The colour of all official paper shall be however off white and your official stamp an illegible mess of blue/black….

You ll assiduosly write IAS after your name…even if it goes to a level of ridicule….even after retirement you shall write IAS(retd.) after your name…pardon me but how about IAS(departed) after you death???

 

You shall be paid a meagre salary by which the welfare state expects you to honestly raise your kids and have two decent meals….

 

You shall revel in the glory of your lal batti and render “public unservice”…being the” public servant” that you are…..

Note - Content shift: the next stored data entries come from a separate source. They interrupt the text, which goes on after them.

(* Let $\alpha\in(0,1)$ and let $\{a_n\}$ be a positive sequence. Suppose there exists $\delta>0$ such that for all $\epsilon>0$ and $\tilde\alpha\in[\alpha-\delta,\alpha+\delta]$, $$\sup_{P\in\mathbf P_0}P\big(c_{n,1-\tilde\alpha}(P)-\epsilon\le I_n\le c_{n,1-\tilde\alpha}(P)+\epsilon\big)\le a_n^{-1}(\epsilon\wedge1)+o(1).$$ (i) If $I_n\le U_{n,P}+o_p(a_n)$ and $\hat U_n\ge U^\star_{n,P}+o_p(a_n)$ uniformly in $P\in\mathbf P_0$, for some $U^\star_{n,P}$ independent of $\{V_i\}_{i=1}^n$ and equal in distribution to $U_{n,P}$, then $\limsup_{n\to\infty}\sup_{P\in\mathbf P_0}P(I_n>\hat c_{n,1-\alpha})\le\alpha$. (ii) If $I_n=U_{n,P}+o_p(a_n)$ and $\hat U_n=U^\star_{n,P}+o_p(a_n)$ uniformly in $P\in\mathbf P_0$, for some $U^\star_{n,P}$ independent of $\{V_i\}_{i=1}^n$ and equal in distribution to $U_{n,P}$, then $\limsup_{n\to\infty}\sup_{P\in\mathbf P_0}|P(I_n>\hat c_{n,1-\alpha})-\alpha|=0$.
   Context: Data $\{V_i\}_{i=1}^n$ are i.i.d. with law $P$ in a family $\mathbf P_0$; all random variables are defined on a common (possibly enlarged) probability space. $I_n$ is a real statistic computed from the data, $\hat U_n$ a real random variable depending on the data and possibly on auxiliary randomness, and $U_{n,P}$, $U^\star_{n,P}$ real random variables. $c_{n,1-\alpha}(P)\equiv\inf\{u:P(I_n\le u)\ge1-\alpha\}$ and $\hat c_{n,1-\alpha}\equiv\inf\{u:P(\hat U_n\le u\mid\{V_i\}_{i=1}^n)\ge1-\alpha\}$. $X_n=o_p(b_n)$ uniformly in $P\in\mathbf P_0$ means that for every $\epsilon>0$, $\limsup_n\sup_{P\in\mathbf P_0}P(|X_n|>\epsilon b_n)=0$. *)

From HB Require Import structures.
From mathcomp Require Import all_boot all_order all_algebra.
From mathcomp Require Import all_classical all_reals all_analysis.
Set Implicit Arguments. Unset Strict Implicit. Unset Printing Implicit Defensive.
Import Order.TTheory GRing.Theory Num.Theory.
Local Open Scope classical_set_scope.
Local Open Scope ring_scope.

Section Defs.
Context {R : realType} {dO dT dW : measure_display}
  {Om : measurableType dO} {T : measurableType dT} {W : measurableType dW}.

(* The data vector (V_1,...,V_n), indexed from 0: [V 0; ...; V (n-1)]. *)
Definition data (V : nat -> Om -> T) (n : nat) (w : Om) : n.-tuple T :=
  [tuple V i w | i < n].

Definition iid_with_law (mu : probability Om R) (V : nat -> Om -> T)
    (P : probability T R) : Prop :=
  (forall i, measurable_fun setT (V i)) /\
  (forall i (B : set T), measurable B -> mu (V i @^-1` B) = P B) /\
  (forall n (B : 'I_n -> set T), (forall i, measurable (B i)) ->
     mu (\bigcap_(i in [set: 'I_n]) (V i @^-1` B i)) =
     (\prod_(i < n) mu (V i @^-1` B i))%E).

Definition indep {dA dB} {A : measurableType dA} {B : measurableType dB}
    (mu : probability Om R) (X : Om -> A) (Y : Om -> B) : Prop :=
  forall (SA : set A) (SB : set B), measurable SA -> measurable SB ->
    mu (X @^-1` SA `&` Y @^-1` SB) = (mu (X @^-1` SA) * mu (Y @^-1` SB))%E.

Definition eq_in_law (mu : probability Om R) (X Y : Om -> R) : Prop :=
  forall B : set R, measurable B -> mu (X @^-1` B) = mu (Y @^-1` B).

(* (1-beta)-type quantile: inf {u : mu(X <= u) >= beta}, in \bar R
   (inf of the empty set is +oo, of an unbounded-below set is -oo). *)
Definition quantile (mu : probability Om R) (X : Om -> R) (beta : R) : \bar R :=
  ereal_inf [set u%:E | u in [set u : R | (beta%:E <= mu [set w | (X w <= u)%R])%E]].

(* Conditional c.d.f. of Uhat_n = g n (data) (xi n) given the data, where the
   auxiliary randomness xi n is independent of the data:
   P(Uhat_n <= u | V_1..V_n)(w) = mu{w' : g n (data n w) (xi n w') <= u}. *)
Definition cond_cdf (mu : probability Om R) (V : nat -> Om -> T)
    (g : forall n, n.-tuple T -> W -> R) (xi : nat -> Om -> W) (n : nat)
    (w : Om) (u : R) : \bar R :=
  mu [set w' | g n (data V n w) (xi n w') <= u].

Definition cond_quantile (mu : probability Om R) (V : nat -> Om -> T)
    (g : forall n, n.-tuple T -> W -> R) (xi : nat -> Om -> W) (n : nat)
    (beta : R) (w : Om) : \bar R :=
  ereal_inf [set u%:E | u in [set u : R | (beta%:E <= cond_cdf mu V g xi n w u)%E]].

Definition supP (P0 : set (probability T R)) (F : probability T R -> \bar R)
  : \bar R := ereal_sup [set F P | P in P0].

Definition unif_op (P0 : set (probability T R)) (pr : probability T R -> probability Om R)
    (X : probability T R -> nat -> Om -> R) (b : nat -> R) : Prop :=
  (forall P, P0 P -> forall n, measurable_fun setT (X P n)) /\
  forall eps : R, 0 < eps ->
    limn_esup (fun n => supP P0 (fun P =>
      pr P [set w | eps * b n < `|X P n w|])) = 0%E.

End Defs.

From HB Require Import structures.
From mathcomp Require Import all_boot all_order all_algebra.
From mathcomp Require Import all_classical all_reals all_analysis.
From mathcomp Require Import measurable_realfun.
From mathcomp Require Import ring lra zify.
Set Implicit Arguments. Unset Strict Implicit. Unset Printing Implicit Defensive.
Import Order.TTheory GRing.Theory Num.Theory.
Local Open Scope classical_set_scope.
Local Open Scope ring_scope.

(* Let c be the (1 - alpha - 2 eta)-quantile of I_n and e := eta a_n.  The test
   rejects only if I_n > c - 3e or if the conditional c.d.f. of the bootstrap
   statistic at c - 3e is at least 1 - alpha.  The first event has probability
   at most alpha + 2 eta plus the mass of I_n within 3e of c, which
   anti-concentration makes O(eta).  Since the auxiliary randomness and U* are
   independent of the data and U* has the law of U, which is within e of I_n
   outside an event of probability o(1), the data for which the second event
   can happen have probability at most P(|remainder| > e) / eta = o(1).  Letting
   n -> oo and then eta -> 0 gives (i); the symmetric argument at level
   alpha - 2 eta gives the lower bound needed for (ii). *)

Section Independence.
Context {R : realType} {dO d1 d2 : measure_display} {Om : measurableType dO}
  {T1 : measurableType d1} {T2 : measurableType d2}.
Variables (mu : probability Om R) (X : Om -> T1) (Y : Om -> T2).
Hypotheses (mX : measurable_fun setT X) (mY : measurable_fun setT Y).
Local Open Scope ereal_scope.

You ll look at your friends’ Mercs and property and tell others about the pride honour glory of your service…the chance it offers to serve the nation and attain self actualisation but in your heart you shall be green with jealousy and curse yourself for choosing this proffesion…

 

Your colleagues…especially some who hail from the cow belt shall quote the present rate of IAS grooms…(the last I heard was 1.2 crores and a decent sedan)…and you shall be appalled at the level of corruption all around you (presuming you have scruples yourself and thats not the reason why you youself are there first)…

Life will drudge on and you shall only crib and wait for the next pay commission and the pay rise you receive and the once in a blue moon foreign trip shall give you ecstatic pleasure….and your Performance Appraisal Report shall be the sword hanging above you…..

 

This might seem to be a very cynical perspective but since I had the opportunity to observe some civil servants ...........
 I shall give you the other side of the story too…in my next blog…comments are welcome and I would love to give some more “inside” stories…..and cynical takes…on the Uncivil service...if people seem interested...

 

To end with a uncivil service joke  :

 

An young IAS is posted as Collector of a district…….he gets an order from the Secy Agriculture to count the total number of cattle in his district and send a report…he is flabbergasted and cannot comprehend the sheer riduculousness and futility of the work  and the immensity and complexity of the entire procedure…….he calls a subordinate and asks him what to do…..who says “not to worry sir…..this is regular work…comes evry year….we have the figures…we do an annual increment of 7.5%  and send the new figures”…so the collector says how did u arrive at the exact 7.5pc …how do you know the growth rate of  cattle population?.....he says oh sir its simple….i got it from the data published by the agriculture department who compile all the data sent by the different districts like ours and arrive at a final”….collector says ohk….”just add two to this year’s figures….1 .ie you for doing this intellectually "stimulating" work over the years and I m the other one..the 2nd…for ever having joined the UNCIVIL SERVICE”………..

 

More to come….    Satyameva Jayate...!!!!!!!!!!